One Card to Store Them All?

A silicon valley startup wants to control your wallet- is it the future of payments?


Earlier today, some people behind a website called onlycoin.com let their site go live, and made $50,000 in 40 minutes.

Their product is Coin, an electronic credit card that uses a Square-like scanner to digitally store up to 8 cards- credit, debit, gift or reward- on one, black, .84mm thin card. Press a button (on your credit card), and an electronic display (on your credit card) changes from “Personal” to “Company,” so that you can comp your overpriced business lunch. The waitress swipes it just like any other card, and you get to be the center of attention at the table when everyone leans in to check out your credit card straight out of I Am Robot.

For $55 right now, you can go on to the site and pre-order your card- that won’t ship until Summer 2014.

Born out of Y-Combinator, this certainly will get traction, if only judging by the buzz it has generated in the past 8 hours. But this team, led by Kanishk Parashar, has a vision for the payments space.

They’ve built in some nifty features like an auto-disable via Bluetooth LTE if your card and your phone get too far away from each other, and 256-bit encryption and password protection for the security-conscious.

But there’s more questions here, especially with respect to security. What’s stopping people from using this for fraud? For example, how difficult would it be for me to take your credit card, swipe it into my phone (somehow bypassing the authentication process), and go to the town on the nearest Expensive Things Depot?

On the website it says “ you cannot lock your Coin, but you don’t have to. Coin will automatically deactivate if it loses contact with your phone for a period of time that you configure in the Coin mobile app.” But how long before it deactivates? I really can’t press a button on my smartphone to lock/unlock an electronic credit card?

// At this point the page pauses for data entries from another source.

Lemma last_visit0 : ~ (visit_times !=set0) -> last_visit pi v t = 0.
Proof. by rewrite /last_visit; case: asboolP. Qed.

Lemma has_sup_visit_times : visit_times !=set0 -> has_sup visit_times.
Proof. by split => //; exists t => y [/andP[]]. Qed.

Lemma last_visit_ge y : visit_times y -> y <= last_visit pi v t.
Proof.
move=> hy; have ne : visit_times !=set0 by exists y.
by rewrite last_visitE //; apply: ub_le_sup => //; case: (has_sup_visit_times ne).
Qed.

Lemma last_visit_ge0 : 0 <= last_visit pi v t.
Proof.
have [[y hy]|ne] := pselect (visit_times !=set0); last by rewrite last_visit0.
by apply: le_trans (last_visit_ge hy); case: hy => /andP[].
Qed.

Lemma latency_recent_visit d : visit_times !=set0 -> 0 < d ->
  exists2 y, visit_times y & t - y < latency pi v t + d.
Proof.
move=> ne d0; have [y hy hlt] := sup_adherent d0 (has_sup_visit_times ne).
by exists y => //; rewrite /latency last_visitE //; lra.
Qed.

End VisitTimes.

Section MetricGraph.
Variables (R : realType) (V E : finType) (ends : E -> V * V) (A : E -> R).

Lemma is_walk_cat u v x w1 w2 :
  is_walk ends u v w1 -> is_walk ends v x w2 -> is_walk ends u x (w1 ++ w2).
Proof.
elim: w1 u => [|y w1 IH] u /=; first by move/eqP->.
by case/andP=> -> /IH H /H ->.
Qed.

Definition rev_walk (w : seq (E * bool)) := rev [seq (x.1, ~~ x.2) | x <- w].

Lemma is_walk_rev u v w : is_walk ends u v w -> is_walk ends v u (rev_walk w).
Proof.
elim: w u => [|[e b] w IH] u /=; first by move/eqP->.
case/andP=> /eqP <- /IH hw; rewrite /rev_walk map_cons rev_cons -cats1.
by apply: is_walk_cat hw _; rewrite /= /osrc /otgt /=; case: b; rewrite !eqxx.
Qed.

Hypothesis A_gt0 : forall e, 0 < A e.
Hypothesis walk_exists : forall u v, exists w, is_walk ends u v w.

Lemma walk_len_ge0 w : 0 <= walk_len A w.
Proof. by apply: sumr_ge0 => x _; apply/ltW. Qed.

Lemma walk_len_cat w1 w2 : walk_len A (w1 ++ w2) = walk_len A w1 + walk_len A w2.
Proof. exact: big_cat. Qed.

Lemma walk_len_rev w : walk_len A (rev_walk w) = walk_len A w.
Proof. by rewrite /walk_len /rev_walk big_rev big_map. Qed.

Lemma ndist_le_walk u v w : is_walk ends u v w -> ndist ends A u v <= walk_len A w.
Proof.
move=> hw; apply: ge_inf; last by exists w.
by exists 0 => _ [w' _ <-]; apply: walk_len_ge0.
Qed.

Lemma ndist_lb u v c :
  (forall w, is_walk ends u v w -> c <= walk_len A w) -> c <= ndist ends A u v.
Proof.
move=> hc; have [w hw] := walk_exists u v.
by apply: lb_le_inf => [|_ [w' hw' <-]]; [exists (walk_len A w), w | exact: hc].
Qed.

Lemma ndist_ge0 u v : 0 <= ndist ends A u v.
Proof. by apply: ndist_lb => w _; apply: walk_len_ge0. Qed.

Lemma ndistxx u : ndist ends A u u = 0.
Proof.
apply/le_anti; rewrite ndist_ge0 andbT.
by have := @ndist_le_walk u u [::] (eqxx _); rewrite /walk_len big_nil.
Qed.

Lemma ndistC u v : ndist ends A u v = ndist ends A v u.
Proof.
suff le_ndistC a b : ndist ends A a b <= ndist ends A b a.
  by apply/le_anti; rewrite !le_ndistC.
apply: ndist_lb => w hw; rewrite -walk_len_rev.
exact/ndist_le_walk/is_walk_rev.
Qed.

Lemma ndist_triangle u v x :
  ndist ends A u x <= ndist ends A u v + ndist ends A v x.
Proof.
rewrite -lerBlDl; apply: ndist_lb => w2 h2; rewrite lerBlDl addrC -lerBlDl.
apply: ndist_lb => w1 h1; rewrite lerBlDl addrC -walk_len_cat.
exact/ndist_le_walk/(is_walk_cat h1 h2).
Qed.

Lemma ndist_edge e : ndist ends A (ends e).1 (ends e).2 <= A e.
Proof.
have := @ndist_le_walk (ends e).1 (ends e).2 [:: (e, true)].
by rewrite /walk_len big_seq1 /= /osrc /otgt /= !eqxx; apply.
Qed.

Lemma ndist_sep :
  exists2 m, 0 < m & forall u v, u != v -> m <= ndist ends A u v.
Proof.
exists (\big[Order.min/1]_e A e).
  by elim/big_ind: _ => // x y x0 y0; rewrite lt_min x0 y0.
move=> u v uv; apply: ndist_lb => -[|x w] /=; first by rewrite (negbTE uv).
case/andP=> _ _; rewrite /walk_len big_cons.
by apply: le_trans (bigmin_le _ x.1 _) _; rewrite lerDl walk_len_ge0.
Qed.

Definition mdist_set (p q : mpoint R V E) :=
  [set x | exists a b, a \in anchors ends A p /\ b \in anchors ends A q /\
                       x = a.2 + ndist ends A a.1 b.1 + b.2]
  `|` [set x | exists e s t, p = PEdge V e s /\ q = PEdge V e t /\ x = `|s - t|].

Lemma anchors_ge0 p a : valid_point A p -> a \in anchors ends A p -> 0 <= a.2.
Proof.
case: p => [v|e s] /=; first by rewrite inE => _ /eqP ->.
case/andP=> s0 sA; rewrite !inE => /orP[] /eqP -> /=; first exact: ltW.
by rewrite subr_ge0 ltW.
Qed.

Lemma mdist_set_ge0 p q y : valid_point A p -> valid_point A q ->
  mdist_set p q y -> 0 <= y.
Proof.
move=> vp vq [[a [b [ha [hb ->]]]]|[e [s [t [_ [_ ->]]]]]] //.
by rewrite !addr_ge0 ?(anchors_ge0 vp ha) ?(anchors_ge0 vq hb) ?ndist_ge0.
Qed.

Lemma mdist_le p q y : valid_point A p -> valid_point A q ->
  mdist_set p q y -> Defs.mdist ends A p q <= y.
Proof.
move=> vp vq hy; apply: ge_inf hy.
by exists 0 => x; apply: mdist_set_ge0.
Qed.

Lemma mdist_ge p q c :
  (forall y, mdist_set p q y -> c <= y) -> c <= Defs.mdist ends A p q.
Proof.
have [a ha] : exists a, a \in anchors ends A p.
  by case: p => [v|e s]; eexists; exact: mem_head.
have [b hb] : exists b, b \in anchors ends A q.
  by case: q => [v|e s]; eexists; exact: mem_head.
move=> hc; apply: lb_le_inf hc.
by exists (a.2 + ndist ends A a.1 b.1 + b.2); left; exists a, b.
Qed.

Lemma mdist_ge0 p q : valid_point A p -> valid_point A q -> 0 <= Defs.mdist ends A p q.
Proof. by move=> vp vq; apply: mdist_ge => y; apply: mdist_set_ge0. Qed.

Lemma mdistxx p : valid_point A p -> Defs.mdist ends A p p = 0.
Proof.
move=> vp; apply/le_anti; rewrite mdist_ge0 // andbT.
case: p vp => [v|e s] vp; apply: mdist_le => //.
  by left; exists (v, 0), (v, 0); rewrite mem_head ndistxx ?addr0.
by right; exists e, s, s; rewrite subrr normr0.
Qed.

Lemma mdistC p q : Defs.mdist ends A p q = Defs.mdist ends A q p.
Proof.
suff sub a b : mdist_set a b `<=` mdist_set b a.
  by rewrite /Defs.mdist; congr inf; apply/seteqP; split; apply: sub.
move=> _ [[x [y [hx [hy ->]]]]|[e [s [t [-> [-> ->]]]]]].
  by left; exists y, x; do !split=> //; rewrite ndistC; lra.
by right; exists e, t, s; rewrite distrC.
Qed.

Lemma anchors_ndist q b c : valid_point A q ->
  b \in anchors ends A q -> c \in anchors ends A q -> ndist ends A b.1 c.1 <= b.2 + c.2.
Proof.
case: q => [v|e s] /=.
  by move=> _; rewrite !inE => /eqP -> /eqP ->; rewrite ndistxx addr0.
case/andP=> s0 sA; rewrite !inE => /orP[] /eqP -> /orP[] /eqP -> /=.
- by rewrite ndistxx addr_ge0 // ltW.
- by rewrite addrC subrK ndist_edge.
- by rewrite subrK ndistC ndist_edge.
- by rewrite ndistxx addr_ge0 // subr_ge0 ltW.
Qed.
(* Let $t\ge2$, $n\ge1$, let $\lambda$ be a partition of length at most $tn+1$ and write $n_i=n_i(\lambda,tn+1)$. Then the following are equivalent: (a) there exists $i_0\in\{1,\dots,\lfloor t/2\rfloor\}$ such that $n_0=n$ and, for all $1\le i\le\lfloor t/2\rfloor$, $n_i+n_{t-i}=2n+1+\delta_{i_0,t/2}$ if $i=i_0$ and $n_i+n_{t-i}=2n$ otherwise; (b) the $t$-core of $\lambda$ is a $(1,0,k)$-asymmetric partition for some $1\le k\le\mathrm{rk}(\text{$t$-core of }\lambda)$.
   Context: For a partition $\lambda$ of length at most $\ell$, $\beta_i(\lambda,\ell)=\lambda_i+\ell-i$ and $n_i(\lambda,\ell)$ is the number of $\beta_j(\lambda,\ell)$ congruent to $i$ mod $t$ ($0\le i\le t-1$). The $t$-core is the usual one. Rank $\mathrm{rk}(\mu)=\max\{j:\mu_j\ge j\}$; Frobenius coordinates $(\alpha\mid\beta)$, $\alpha_i=\mu_i-i$, $\beta_i=\mu'_i-i$. For integers $z_1>z_2\ge0$ and $1\le k\le r=\mathrm{rk}(\mu)$, $\mu$ is $(z_1,z_2,k)$-asymmetric if $\mu=(\alpha_1,\dots,\alpha_r\mid\alpha_1+z_1,\dots,\widehat{\alpha_k+z_1},\dots,\alpha_r+z_1,z_2)$ for some strict partition $\alpha$ (hat = omission). *)

From mathcomp Require Import all_boot.
Set Implicit Arguments.
Unset Strict Implicit.
Unset Printing Implicit Defensive.

(* A partition: a weakly decreasing list of positive integers
   (lambda_1 >= lambda_2 >= ... > 0).  lambda_i (1-indexed) is
   [nth 0 la i.-1]; parts beyond the length are 0. *)
Definition is_partition (la : seq nat) : bool :=
  sorted geq la && all (fun x => 0 < x) la.

Definition part (la : seq nat) (i : nat) : nat := nth 0 la i.-1.

Definition beta (la : seq nat) (l i : nat) : nat := part la i + l - i.

Definition nres (t : nat) (la : seq nat) (l r : nat) : nat :=
  count (fun j => beta la l j %% t == r) (iota 1 l).

(* cell (i,j), 0-indexed row i and column j, lies in the diagram of la *)
Definition in_diag (la : seq nat) (c : nat * nat) : bool :=
  c.2 < nth 0 la c.1.

Definition skew_cells (la mu : seq nat) : seq (nat * nat) :=
  [seq c <- [seq (i, j) | i <- iota 0 (size la), j <- iota 0 (nth 0 la i)]
     | ~~ in_diag mu c].

Definition adj_cell (c d : nat * nat) : bool :=
  ((c.1 == d.1) && ((c.2 == d.2.+1) || (d.2 == c.2.+1))) ||
  ((c.2 == d.2) && ((c.1 == d.1.+1) || (d.1 == c.1.+1))).

Definition rim_hook_removal (t : nat) (la mu : seq nat) : Prop :=
  [/\ is_partition mu,
      (forall i, nth 0 mu i <= nth 0 la i),
      sumn la = sumn mu + t,
      (forall a b, a \in skew_cells la mu -> b \in skew_cells la mu ->
         exists p : seq (nat * nat),
           [&& path adj_cell a p, all (mem (skew_cells la mu)) p &
               last a p == b])
    & ~ (exists i j, [/\ (i, j) \in skew_cells la mu,
                         (i.+1, j) \in skew_cells la mu,
                         (i, j.+1) \in skew_cells la mu &
                         (i.+1, j.+1) \in skew_cells la mu])].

What happens when the waitress accidentally (or not accidentally) presses the button to charge my meal to my personal card instead of my business card? A fingerprint-authentication process would be ideal here.

Also, some people over at Y-Combinator’s forums have noted that the nature of Coin could hurt merchants in fraud situations, due to the intricate and confusing rules that detail the lengths merchants are supposed to go to in order to process a credit card- including taking physical imprints.

Obviously, you can’t take a physical imprint of this product, so the merchant is more liable in chargeback fraud cases when failing to verify identity on an anonymized black card without a name, and/or take an imprint of a card’s 16-digit number.

There’s a lot of questions about Coin, and there will be a lot of challenges they have to overcome to make to success.

But somehow, I found myself pulling out my credit card to pre-order Coin for $55 literally within seconds of seeing the headline of an article about it.